Странное селение открылось нам: совершенно пустое, словно бы вымершее. Только бродили по единственной улице пыльные свиньи, да грелись возле некоторых домов новенькие «волги». Но в первом же дворике, где ворохнулась жизнь, мы обрели искомое. Самый бойкий из нас, поэт Володя, окликнул хозяина.
— Папаша, неплохо бы вина выпить, — сказал он с развязностью Остапа Вендера.
С минуту хозяин подозрительно разглядывал нас. Ни смуглая физиономия полубурята Володи, ни мои сивые патлы (сванку я предусмотрительно засунул в карман), видимо, не внушали ему доверия. Но рядом сиял рыжей бородой, неистребимым российским простодушием, молодой открытостью наш романист Миша — и на нем взгляд хозяина отмяк.

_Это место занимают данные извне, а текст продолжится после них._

(* Let $1\le i,j,k,l\le n$ with $i<j$, $k<l$, $i\le k$. Then in ${\boldsymbol U}_{v}(\mathfrak q_n)$: \[ \mathsf E_{i,j}\mathsf E_{k,l}=\begin{cases}\mathsf E_{k,l}\mathsf E_{i,j} & (i<j<k<l\text{ or } i<k<l<j),\\ v^{-1}\mathsf E_{k,l}\mathsf E_{i,j}-\mathsf E_{i,l} & (i<j=k<l),\\ v\,\mathsf E_{k,l}\mathsf E_{i,j} & (i=k<j<l\text{ or } i<k<j=l),\\ \mathsf E_{k,l}\mathsf E_{i,j}+(v-v^{-1})\mathsf E_{i,l}\mathsf E_{k,j} & (i<k<j<l).\end{cases} \]
   Context: Let $v$ be an indeterminate. The quantum queer superalgebra ${\boldsymbol U}_{v}(\mathfrak q_n)$ is the associative superalgebra over $\mathbb Q(v)$ generated by even generators $\mathsf K_i,\mathsf K_i^{-1}$ ($1\le i\le n$), $\mathsf E_j,\mathsf F_j$ ($1\le j\le n-1$) and odd generators $\mathsf K_{\bar i}$ ($1\le i\le n$), $\mathsf E_{\bar j},\mathsf F_{\bar j}$ ($1\le j\le n-1$), subject to the following relations (indices are taken only where they make sense), where $(\epsilon_i,\alpha_j)=\delta_{i,j}-\delta_{i,j+1}$: (QQ1) $\mathsf K_i\mathsf K_i^{-1}=\mathsf K_i^{-1}\mathsf K_i=1$, $\mathsf K_i\mathsf K_j=\mathsf K_j\mathsf K_i$, $\mathsf K_i\mathsf K_{\bar j}=\mathsf K_{\bar j}\mathsf K_i$, $\mathsf K_{\bar i}\mathsf K_{\bar j}+\mathsf K_{\bar j}\mathsf K_{\bar i}=2\delta_{i,j}\frac{\mathsf K_i^2-\mathsf K_i^{-2}}{v^2-v^{-2}}$. (QQ2) $\mathsf K_i\mathsf E_j=v^{(\epsilon_i,\alpha_j)}\mathsf E_j\mathsf K_i$, $\mathsf K_i\mathsf E_{\bar j}=v^{(\epsilon_i,\alpha_j)}\mathsf E_{\bar j}\mathsf K_i$, $\mathsf K_i\mathsf F_j=v^{-(\epsilon_i,\alpha_j)}\mathsf F_j\mathsf K_i$, $\mathsf K_i\mathsf F_{\bar j}=v^{-(\epsilon_i,\alpha_j)}\mathsf F_{\bar j}\mathsf K_i$. (QQ3) $\mathsf K_{\bar i}\mathsf E_i-v\mathsf E_i\mathsf K_{\bar i}=\mathsf E_{\bar i}\mathsf K_i^{-1}$, $v\mathsf K_{\bar i}\mathsf E_{i-1}-\mathsf E_{i-1}\mathsf K_{\bar i}=-\mathsf K_i^{-1}\mathsf E_{\overline{i-1}}$, $\mathsf K_{\bar i}\mathsf F_i-v\mathsf F_i\mathsf K_{\bar i}=-\mathsf F_{\bar i}\mathsf K_i$, $v\mathsf K_{\bar i}\mathsf F_{i-1}-\mathsf F_{i-1}\mathsf K_{\bar i}=\mathsf K_i\mathsf F_{\overline{i-1}}$, $\mathsf K_{\bar i}\mathsf E_{\bar i}+v\mathsf E_{\bar i}\mathsf K_{\bar i}=\mathsf E_i\mathsf K_i^{-1}$, $v\mathsf K_{\bar i}\mathsf E_{\overline{i-1}}+\mathsf E_{\overline{i-1}}\mathsf K_{\bar i}=\mathsf K_i^{-1}\mathsf E_{i-1}$, $\mathsf K_{\bar i}\mathsf F_{\bar i}+v\mathsf F_{\bar i}\mathsf K_{\bar i}=\mathsf F_i\mathsf K_i$, $v\mathsf K_{\bar i}\mathsf F_{\overline{i-1}}+\mathsf F_{\overline{i-1}}\mathsf K_{\bar i}=\mathsf K_i\mathsf F_{i-1}$, and for $j\ne i,i-1$: $\mathsf K_{\bar i}\mathsf E_j=\mathsf E_j\mathsf K_{\bar i}$, $\mathsf K_{\bar i}\mathsf F_j=\mathsf F_j\mathsf K_{\bar i}$, $\mathsf K_{\bar i}\mathsf E_{\bar j}=-\mathsf E_{\bar j}\mathsf K_{\bar i}$, $\mathsf K_{\bar i}\mathsf F_{\bar j}=-\mathsf F_{\bar j}\mathsf K_{\bar i}$. (QQ4) $\mathsf E_i\mathsf F_j-\mathsf F_j\mathsf E_i=\delta_{i,j}\frac{\mathsf K_i\mathsf K_{i+1}^{-1}-\mathsf K_i^{-1}\mathsf K_{i+1}}{v-v^{-1}}$, $\mathsf E_{\bar i}\mathsf F_{\bar j}+\mathsf F_{\bar j}\mathsf E_{\bar i}=\delta_{i,j}\big(\frac{\mathsf K_i\mathsf K_{i+1}-\mathsf K_i^{-1}\mathsf K_{i+1}^{-1}}{v-v^{-1}}+(v-v^{-1})\mathsf K_{\bar i}\mathsf K_{\overline{i+1}}\big)$, $\mathsf E_i\mathsf F_{\bar j}-\mathsf F_{\bar j}\mathsf E_i=\delta_{i,j}(\mathsf K_{i+1}^{-1}\mathsf K_{\bar i}-\mathsf K_{\overline{i+1}}\mathsf K_i^{-1})$, $\mathsf E_{\bar i}\mathsf F_j-\mathsf F_j\mathsf E_{\bar i}=\delta_{i,j}(\mathsf K_{i+1}\mathsf K_{\bar i}-\mathsf K_{\overline{i+1}}\mathsf K_i)$. (QQ5) $\mathsf E_{\bar i}^2=-\frac{v-v^{-1}}{v+v^{-1}}\mathsf E_i^2$, $\mathsf F_{\bar i}^2=\frac{v-v^{-1}}{v+v^{-1}}\mathsf F_i^2$; for $|i-j|\ne1$: $\mathsf E_i\mathsf E_{\bar j}=\mathsf E_{\bar j}\mathsf E_i$, $\mathsf F_i\mathsf F_{\bar j}=\mathsf F_{\bar j}\mathsf F_i$; for $|i-j|>1$: $\mathsf E_i\mathsf E_j=\mathsf E_j\mathsf E_i$, $\mathsf F_i\mathsf F_j=\mathsf F_j\mathsf F_i$, $\mathsf E_{\bar i}\mathsf E_{\bar j}=-\mathsf E_{\bar j}\mathsf E_{\bar i}$, $\mathsf F_{\bar i}\mathsf F_{\bar j}=-\mathsf F_{\bar j}\mathsf F_{\bar i}$; $\mathsf E_i\mathsf E_{i+1}-v\mathsf E_{i+1}\mathsf E_i=\mathsf E_{\bar i}\mathsf E_{\overline{i+1}}+v\mathsf E_{\overline{i+1}}\mathsf E_{\bar i}$, $\mathsf E_i\mathsf E_{\overline{i+1}}-v\mathsf E_{\overline{i+1}}\mathsf E_i=\mathsf E_{\bar i}\mathsf E_{i+1}-v\mathsf E_{i+1}\mathsf E_{\bar i}$, $\mathsf F_i\mathsf F_{i+1}-v\mathsf F_{i+1}\mathsf F_i=-(\mathsf F_{\bar i}\mathsf F_{\overline{i+1}}+v\mathsf F_{\overline{i+1}}\mathsf F_{\bar i})$, $\mathsf F_i\mathsf F_{\overline{i+1}}-v\mathsf F_{\overline{i+1}}\mathsf F_i=\mathsf F_{\bar i}\mathsf F_{i+1}-v\mathsf F_{i+1}\mathsf F_{\bar i}$. (QQ6) for $|i-j|=1$: $\mathsf E_i^2X-(v+v^{-1})\mathsf E_iX\mathsf E_i+X\mathsf E_i^2=0$ for $X\in\{\mathsf E_j,\mathsf E_{\bar j}\}$ and $\mathsf F_i^2Y-(v+v^{-1})\mathsf F_iY\mathsf F_i+Y\mathsf F_i^2=0$ for $Y\in\{\mathsf F_j,\mathsf F_{\bar j}\}$. Quantum root vectors: for $1\le i\le n-1$ put $\mathsf E_{i,i+1}=\mathsf E_i$, $\overline{\mathsf E}_{i,i+1}=\mathsf E_{\bar i}$, $\mathsf E_{i+1,i}=\mathsf F_i$, $\overline{\mathsf E}_{i+1,i}=\mathsf F_{\bar i}$, and recursively for $i+1<j\le n$: $\mathsf E_{i,j}=-\mathsf E_{i,j-1}\mathsf E_{j-1}+v^{-1}\mathsf E_{j-1}\mathsf E_{i,j-1}$, $\overline{\mathsf E}_{i,j}=-\mathsf E_{i,j-1}\mathsf E_{\overline{j-1}}+v^{-1}\mathsf E_{\overline{j-1}}\mathsf E_{i,j-1}$, $\mathsf E_{j,i}=-\mathsf F_{j-1}\mathsf E_{j-1,i}+v\mathsf E_{j-1,i}\mathsf F_{j-1}$, $\overline{\mathsf E}_{j,i}=-\mathsf F_{\overline{j-1}}\mathsf E_{j-1,i}+v\mathsf E_{j-1,i}\mathsf F_{\overline{j-1}}$. *)

From HB Require Import structures.
From mathcomp Require Import all_boot all_order all_algebra.
Set Implicit Arguments. Unset Strict Implicit. Unset Printing Implicit Defensive.
Import Order.TTheory GRing.Theory Num.Theory.
Local Open Scope ring_scope.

— Ест вино, — сказал он. — Только плохой. Прошлогодний. Хочешь — попробуй.
Он завел нас в кладовку. Десятка полтора гигантских посудин стояло там в ряд. Такого количества жидкости хватило бы па все лето — поливать огород. Или — на несколько кавказских свадеб.
— Этот совсем пропал, — тыча пальцем в бутыли, бормотал хозяин. — Этот тоже совсем пропал… Этот, может, не совсем пропал.
Мы попробовали не совсем пропавшее вино. Было оно красным, кислющим, слегка напоминало вкусом «изабеллу».
— Да, это не «Баян-ширей», — согласился Володя. — Но — берем!
— Шесть рублэй, — сказал хозяин, нацедив трехлитровую банку.
«Однако!» — переглянулись мы. Но деньги выложили. Тогда хозяин, понизив голос до шепота, сознался:
— И чача тоже ест. Только слабый. Старый.
Попробовали чачу, выдохнувшуюся двадцатиградусную водичку, и — эх, гулять так гулять! — решили купить бутылочку.
— Сэмь рублэй, — сказал хозяин. Ай. хороший человек! Сделал-таки скидку против сорокаградусной казенной водки.
На обратном пути Володя вдруг разродился стихами. Он ехал сюда с намерением поработать, но работа у него не пошла — и каждое утро Володя уныло приветствовал нас перефразированным девизом «серапионовых братьев»: «Здравствуй, брат! Писать очень неохота». И только здесь за околицей деревни «Слабая Чача» (как мы ее сразу же окрестили) ему наконец запелось:
— А здесь, признаться, неохота
Работать до седьмого пота —
Когда напротив есть «Инкит»
И море бирюзой горит! —
неожиданно продекламировал он, помычал, отбивая рукой такт, и закончил:
— Да за горушкою селенье,
Где — если одолеть подъем —
Начачишься до изумленья…
Туда и сходим мы втросмі
Была в стихах неправда, или, мягче сказать, поэтическая вольность. Дело в том, что «Инкитом» сам Володя не увлекался, даже вполне презирал это заведение, после того, как его однажды угостили там шашлыками из протухшей свинины, зажаренной на сковородке и лукаво нанизанной на шампура. Начачиться до изумленья «не совсем пропавшими» напитками нам тоже не удалось. Но аппетит они подогрели — и оттого, наверное, морские дракончики, поджаренные на костерке, дымком пропахшие, показались нам ничуть не хуже ресторанной кефали. Более того: по общему приговору они напрочь зашибли её своим несравненным вкусом.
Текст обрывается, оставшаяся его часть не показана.